■ Problem statement ■
Only a number is wanted here: the number of lines of the data that include "replace".
..........
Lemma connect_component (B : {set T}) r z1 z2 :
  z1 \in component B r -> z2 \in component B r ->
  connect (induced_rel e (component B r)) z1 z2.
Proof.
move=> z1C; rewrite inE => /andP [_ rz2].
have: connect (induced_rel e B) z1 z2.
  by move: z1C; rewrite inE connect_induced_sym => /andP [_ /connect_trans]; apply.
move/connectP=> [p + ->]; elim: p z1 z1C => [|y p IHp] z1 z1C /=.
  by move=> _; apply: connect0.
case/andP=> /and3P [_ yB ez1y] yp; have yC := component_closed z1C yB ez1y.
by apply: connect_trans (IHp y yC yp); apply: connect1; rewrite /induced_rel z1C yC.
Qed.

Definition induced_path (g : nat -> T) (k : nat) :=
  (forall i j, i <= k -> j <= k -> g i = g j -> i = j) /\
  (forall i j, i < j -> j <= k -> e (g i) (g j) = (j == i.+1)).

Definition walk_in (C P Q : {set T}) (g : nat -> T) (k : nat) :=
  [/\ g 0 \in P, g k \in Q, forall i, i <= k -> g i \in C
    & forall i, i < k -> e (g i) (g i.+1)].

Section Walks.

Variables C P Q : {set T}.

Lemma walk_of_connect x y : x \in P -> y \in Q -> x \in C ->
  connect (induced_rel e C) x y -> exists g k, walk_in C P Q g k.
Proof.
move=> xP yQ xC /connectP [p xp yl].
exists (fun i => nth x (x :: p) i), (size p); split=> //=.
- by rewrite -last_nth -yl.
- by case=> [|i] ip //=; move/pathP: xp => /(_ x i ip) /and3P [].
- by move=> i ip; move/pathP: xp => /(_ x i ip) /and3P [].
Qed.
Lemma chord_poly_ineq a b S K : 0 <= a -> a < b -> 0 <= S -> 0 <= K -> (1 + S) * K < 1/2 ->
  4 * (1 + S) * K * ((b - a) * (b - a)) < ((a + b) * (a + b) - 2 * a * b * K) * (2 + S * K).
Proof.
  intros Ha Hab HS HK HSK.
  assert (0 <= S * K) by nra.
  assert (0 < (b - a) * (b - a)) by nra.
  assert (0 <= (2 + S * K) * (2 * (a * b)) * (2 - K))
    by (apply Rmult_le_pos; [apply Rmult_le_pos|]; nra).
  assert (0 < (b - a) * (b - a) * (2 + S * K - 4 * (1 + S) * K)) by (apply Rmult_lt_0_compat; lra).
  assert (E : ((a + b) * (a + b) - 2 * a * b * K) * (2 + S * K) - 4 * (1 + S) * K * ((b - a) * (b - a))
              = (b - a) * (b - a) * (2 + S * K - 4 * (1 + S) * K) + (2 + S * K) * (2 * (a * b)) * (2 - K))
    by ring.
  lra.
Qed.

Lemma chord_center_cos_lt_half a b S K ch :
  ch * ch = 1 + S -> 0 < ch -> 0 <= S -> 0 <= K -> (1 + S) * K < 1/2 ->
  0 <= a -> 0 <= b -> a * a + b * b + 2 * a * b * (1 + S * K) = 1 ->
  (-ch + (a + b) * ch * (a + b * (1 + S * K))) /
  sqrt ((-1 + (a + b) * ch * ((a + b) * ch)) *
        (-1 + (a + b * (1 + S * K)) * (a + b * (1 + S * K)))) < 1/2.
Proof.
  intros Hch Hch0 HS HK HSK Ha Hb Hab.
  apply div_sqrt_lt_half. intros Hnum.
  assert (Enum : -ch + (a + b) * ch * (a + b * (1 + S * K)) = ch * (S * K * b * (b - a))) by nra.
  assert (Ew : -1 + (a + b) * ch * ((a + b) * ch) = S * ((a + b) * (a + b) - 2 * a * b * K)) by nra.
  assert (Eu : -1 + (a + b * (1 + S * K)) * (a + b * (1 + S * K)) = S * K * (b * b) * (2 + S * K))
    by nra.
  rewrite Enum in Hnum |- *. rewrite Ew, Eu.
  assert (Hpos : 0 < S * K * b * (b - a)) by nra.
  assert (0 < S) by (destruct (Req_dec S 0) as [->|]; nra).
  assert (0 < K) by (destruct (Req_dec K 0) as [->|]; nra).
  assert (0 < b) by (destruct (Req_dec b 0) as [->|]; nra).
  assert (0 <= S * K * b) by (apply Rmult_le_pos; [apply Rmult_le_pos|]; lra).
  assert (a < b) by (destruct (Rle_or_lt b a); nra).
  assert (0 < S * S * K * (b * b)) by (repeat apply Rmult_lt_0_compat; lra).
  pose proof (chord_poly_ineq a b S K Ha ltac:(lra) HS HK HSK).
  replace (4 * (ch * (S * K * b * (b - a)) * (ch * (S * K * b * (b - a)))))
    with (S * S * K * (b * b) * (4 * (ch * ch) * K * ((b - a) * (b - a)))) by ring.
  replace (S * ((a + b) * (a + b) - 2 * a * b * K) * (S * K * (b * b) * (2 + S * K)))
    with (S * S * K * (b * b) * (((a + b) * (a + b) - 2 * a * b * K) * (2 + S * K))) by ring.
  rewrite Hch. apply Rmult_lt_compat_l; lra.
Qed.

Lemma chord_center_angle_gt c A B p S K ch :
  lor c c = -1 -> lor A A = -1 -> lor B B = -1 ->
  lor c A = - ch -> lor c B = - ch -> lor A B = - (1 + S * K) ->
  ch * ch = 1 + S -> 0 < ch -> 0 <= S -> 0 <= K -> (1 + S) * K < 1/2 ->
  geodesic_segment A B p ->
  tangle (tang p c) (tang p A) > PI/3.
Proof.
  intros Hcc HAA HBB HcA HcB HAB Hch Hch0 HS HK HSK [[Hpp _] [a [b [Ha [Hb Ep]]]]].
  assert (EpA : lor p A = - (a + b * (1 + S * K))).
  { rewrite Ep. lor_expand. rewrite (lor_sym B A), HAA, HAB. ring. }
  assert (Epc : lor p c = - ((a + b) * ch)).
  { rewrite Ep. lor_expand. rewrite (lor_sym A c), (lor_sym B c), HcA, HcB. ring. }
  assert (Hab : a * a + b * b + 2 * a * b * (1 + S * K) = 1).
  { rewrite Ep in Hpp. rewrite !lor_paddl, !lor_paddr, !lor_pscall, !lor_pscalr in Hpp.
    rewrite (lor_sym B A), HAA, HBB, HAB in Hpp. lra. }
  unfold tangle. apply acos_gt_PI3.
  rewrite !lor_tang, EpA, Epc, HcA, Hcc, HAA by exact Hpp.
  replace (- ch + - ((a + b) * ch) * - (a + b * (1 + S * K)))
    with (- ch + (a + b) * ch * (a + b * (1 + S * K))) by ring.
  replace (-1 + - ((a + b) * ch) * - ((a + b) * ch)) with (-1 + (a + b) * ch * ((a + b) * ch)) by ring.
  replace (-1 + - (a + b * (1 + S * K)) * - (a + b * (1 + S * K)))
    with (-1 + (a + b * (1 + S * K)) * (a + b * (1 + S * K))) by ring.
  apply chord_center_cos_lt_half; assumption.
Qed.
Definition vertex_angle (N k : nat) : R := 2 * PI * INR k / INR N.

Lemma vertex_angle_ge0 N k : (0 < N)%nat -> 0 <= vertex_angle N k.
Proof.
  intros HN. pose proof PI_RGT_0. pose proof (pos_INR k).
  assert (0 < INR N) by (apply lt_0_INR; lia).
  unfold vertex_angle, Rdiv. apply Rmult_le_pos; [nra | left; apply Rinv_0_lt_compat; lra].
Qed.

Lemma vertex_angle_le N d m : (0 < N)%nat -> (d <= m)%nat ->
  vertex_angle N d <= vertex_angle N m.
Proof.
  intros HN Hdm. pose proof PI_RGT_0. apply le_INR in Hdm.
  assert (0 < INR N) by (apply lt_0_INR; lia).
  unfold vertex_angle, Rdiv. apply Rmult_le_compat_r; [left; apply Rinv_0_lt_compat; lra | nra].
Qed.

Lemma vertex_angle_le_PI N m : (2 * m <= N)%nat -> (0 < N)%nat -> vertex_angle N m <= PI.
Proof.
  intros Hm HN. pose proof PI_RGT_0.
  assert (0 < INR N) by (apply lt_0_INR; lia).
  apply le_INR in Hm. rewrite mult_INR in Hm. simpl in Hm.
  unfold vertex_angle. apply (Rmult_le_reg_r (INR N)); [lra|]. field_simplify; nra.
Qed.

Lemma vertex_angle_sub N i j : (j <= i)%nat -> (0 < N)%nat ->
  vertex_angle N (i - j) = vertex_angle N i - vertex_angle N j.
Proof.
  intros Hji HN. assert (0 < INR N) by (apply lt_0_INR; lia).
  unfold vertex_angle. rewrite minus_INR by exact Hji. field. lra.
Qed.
..........
■ Response area ■
5